4.1   Standard wrappers

These wrappers do not make additional assumptions on input besides those commonly made by scikit-learn classifies; i.e. that input is a 2d ndarray object and such.

  • FirstColFtClassifier - An sklearn classifier adapter for fasttext that takes the first column of input ndarray objects as input.
>>> from skift import FirstColFtClassifier
>>> df = pandas.DataFrame([['woof', 0], ['meow', 1]], columns=['txt', 'lbl'])
>>> sk_clf = FirstColFtClassifier(lr=0.3, epoch=10)
>>> sk_clf.fit(df[['txt']], df['lbl'])
>>> sk_clf.predict([['woof']])
[0]
  • IdxBasedFtClassifier - An sklearn classifier adapter for fasttext that takes input by column index. This is set on object construction by providing the input_ix parameter to the constructor.
>>> from skift import IdxBasedFtClassifier
>>> df = pandas.DataFrame([[5, 'woof', 0], [83, 'meow', 1]], columns=['count', 'txt', 'lbl'])
>>> sk_clf = IdxBasedFtClassifier(input_ix=1, lr=0.4, epoch=6)
>>> sk_clf.fit(df[['count', 'txt']], df['lbl'])
>>> sk_clf.predict([['woof']])
[0]

4.2   pandas-dependent wrappers

These wrappers assume the X parameter given to fit, predict, and predict_proba methods is a pandas.DataFrame object:

  • FirstObjFtClassifier - An sklearn adapter for fasttext using the first column of dtype == object as input.
>>> from skift import FirstObjFtClassifier
>>> df = pandas.DataFrame([['woof', 0], ['meow', 1]], columns=['txt', 'lbl'])
>>> sk_clf = FirstObjFtClassifier(lr=0.2)
>>> sk_clf.fit(df[['txt']], df['lbl'])
>>> sk_clf.predict([['woof']])
[0]
  • ColLblBasedFtClassifier - An sklearn adapter for fasttext taking input by column label. This is set on object construction by providing the input_col_lbl parameter to the constructor.
>>> from skift import ColLblBasedFtClassifier
>>> df = pandas.DataFrame([['woof', 0], ['meow', 1]], columns=['txt', 'lbl'])
>>> sk_clf = ColLblBasedFtClassifier(input_col_lbl='txt', epoch=8)
>>> sk_clf.fit(df[['txt']], df['lbl'])
>>> sk_clf.predict([['woof']])
[0]
  • SeriesFtClassifier - An sklearn adapter for fasttext taking a Pandas Series as input.
>>> from skift import SeriesFtClassifier
>>> df = pandas.DataFrame([['woof', 0], ['meow', 1]], columns=['txt', 'lbl'])
>>> sk_clf = SeriesFtClassifier(input_col_lbl='txt', epoch=8)
>>> sk_clf.fit(df['txt'], df['lbl'])
>>> sk_clf.predict(['woof'])
>>> sk_clf.predict(df['txt'])

4.3   Hyperparameter auto-tuning

It's possible to pass a validation set to fit() in order to optimize the hyper-parameters.
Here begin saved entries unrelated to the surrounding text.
(* Let $\boldsymbol\lambda$ be a partition with at most $N$ parts, $d_i=\lambda_i+N-i$, and let $F_{ij}\in\mathcal O_{\boldsymbol\lambda}$ be as defined in the context. Set $F_{00}=1$ and $\chi(\alpha)=\sum_{i=0}^NF_{ii}\prod_{j=0}^{N-i-1}(\alpha-j)$. Then $\chi(\alpha)=\prod_{i=1}^N(\alpha-d_i)$.
   Context: A partition with at most $N$ parts is a sequence of integers $\lambda_1\ge\dots\ge\lambda_N\ge0$; $|\boldsymbol\lambda|=\sum\lambda_i$. Put $d_i=\lambda_i+N-i$ and $P=\{d_1,\dots,d_N\}$. Let $\mathcal O_{\boldsymbol\lambda}=\mathbb C[f_{ij}:1\le i\le N,\ 1\le j\le d_i,\ d_i-j\notin P]$ be the polynomial algebra in the indicated variables (the coordinate ring of the Schubert cell of $N$-dimensional spaces of polynomials whose set of degrees is $P$), and let $f_i(u)=u^{d_i}+\sum_{1\le j\le d_i,\ d_i-j\notin P}f_{ij}u^{d_i-j}$. Let $\operatorname{Wr}(g_1,\dots,g_N)=\det(g_i^{(j-1)})_{i,j=1}^N$ be the Wronskian. For a square matrix $A=(a_{ij})$ with possibly noncommuting entries, $\operatorname{rdet}A=\sum_{\sigma}\operatorname{sgn}(\sigma)a_{1\sigma(1)}a_{2\sigma(2)}\cdots$. Let $\partial=d/du$ and define the differential operator $\mathcal D^{\mathcal O}_{\boldsymbol\lambda}=\frac1{\operatorname{Wr}(f_1,\dots,f_N)}\operatorname{rdet}\begin{pmatrix}f_1&f_1'&\dots&f_1^{(N)}\\ \vdots&&&\vdots\\ f_N&f_N'&\dots&f_N^{(N)}\\ 1&\partial&\dots&\partial^N\end{pmatrix}=\partial^N+\sum_{i=1}^NF_i(u)\partial^{N-i}$. The top coefficient of $\operatorname{Wr}(f_1,\dots,f_N)$ (a polynomial in $u$ over $\mathcal O_{\boldsymbol\lambda}$) is a nonzero constant, so each $F_i(u)$ expands as $F_i(u)=\sum_{j\ge1}F_{ij}u^{-j}$ with $F_{ij}\in\mathcal O_{\boldsymbol\lambda}$. *)

From HB Require Import structures.
From mathcomp Require Import all_boot all_order all_algebra all_fingroup.
Set Implicit Arguments. Unset Strict Implicit. Unset Printing Implicit Defensive.
Import GRing.Theory.
Local Open Scope ring_scope.

(* Partition lam = (lam_1,...,lam_N), 0-indexed: lam : 'I_N -> nat.
   d_i = lam_i + N - i (1-indexed) becomes, 0-indexed, lam i + (N-1-i). *)
Definition dseq (N : nat) (lam : 'I_N -> nat) (i : 'I_N) : nat :=
  (lam i + (N.-1 - i))%N.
First, to adjust the auto-tune settings, the corresponding keyword arguments can be passed to the constructor (if none are passed the default settings are used):

>>> from skift import SeriesFtClassifier
>>> df_train = pandas.DataFrame([['woof', 0], ['meow', 1]], columns=['txt', 'lbl'])
>>> df_val = pandas.DataFrame([['woof woof', 0], ['meow meow', 1]], columns=['txt', 'lbl'])
>>> sk_clf = SeriesFtClassifier(epoch=8, autotuneDuration=5)

Then, the validation dataframe (or series, in this case, since we constructed a SeriesFtClassifier) and label column should be provided to the fit() method:

>>> sk_clf.fit(df_train['txt'], df_train['lbl'], X_validation=df_val['txt'], y_validation=df_val['lbl'])

Or simply by position:

>>> sk_clf.fit(df_train['txt'], df_train['lbl'], df_val['txt'], df_val['lbl'])

4.4   Using Pre-trained word vectors

This is done in the exact same way as with the Python module or the fastText CLI, but not setting the right vector dimensions in the constructor (identical to the dimensions of the pretrained vectors you are using) will crash fastText without explanation, so we provide an example:

from skift import SeriesFtClassifier
ft_clf = SeriesFtClassifier(
    autotuneDuration=900,
    pretrainedVectors='/Users/myuser/data/word_vectors/crawl-300d-2M.vec',
    dim=300,
)

In this case, not providing the constructor with dim=300 would bring about a crash when calling ft_clf.fit().

5   Contributing

Package author and current maintainer is Shay Palachy ([email protected]); You are more than welcome to approach him for help. Contributions are very welcomed.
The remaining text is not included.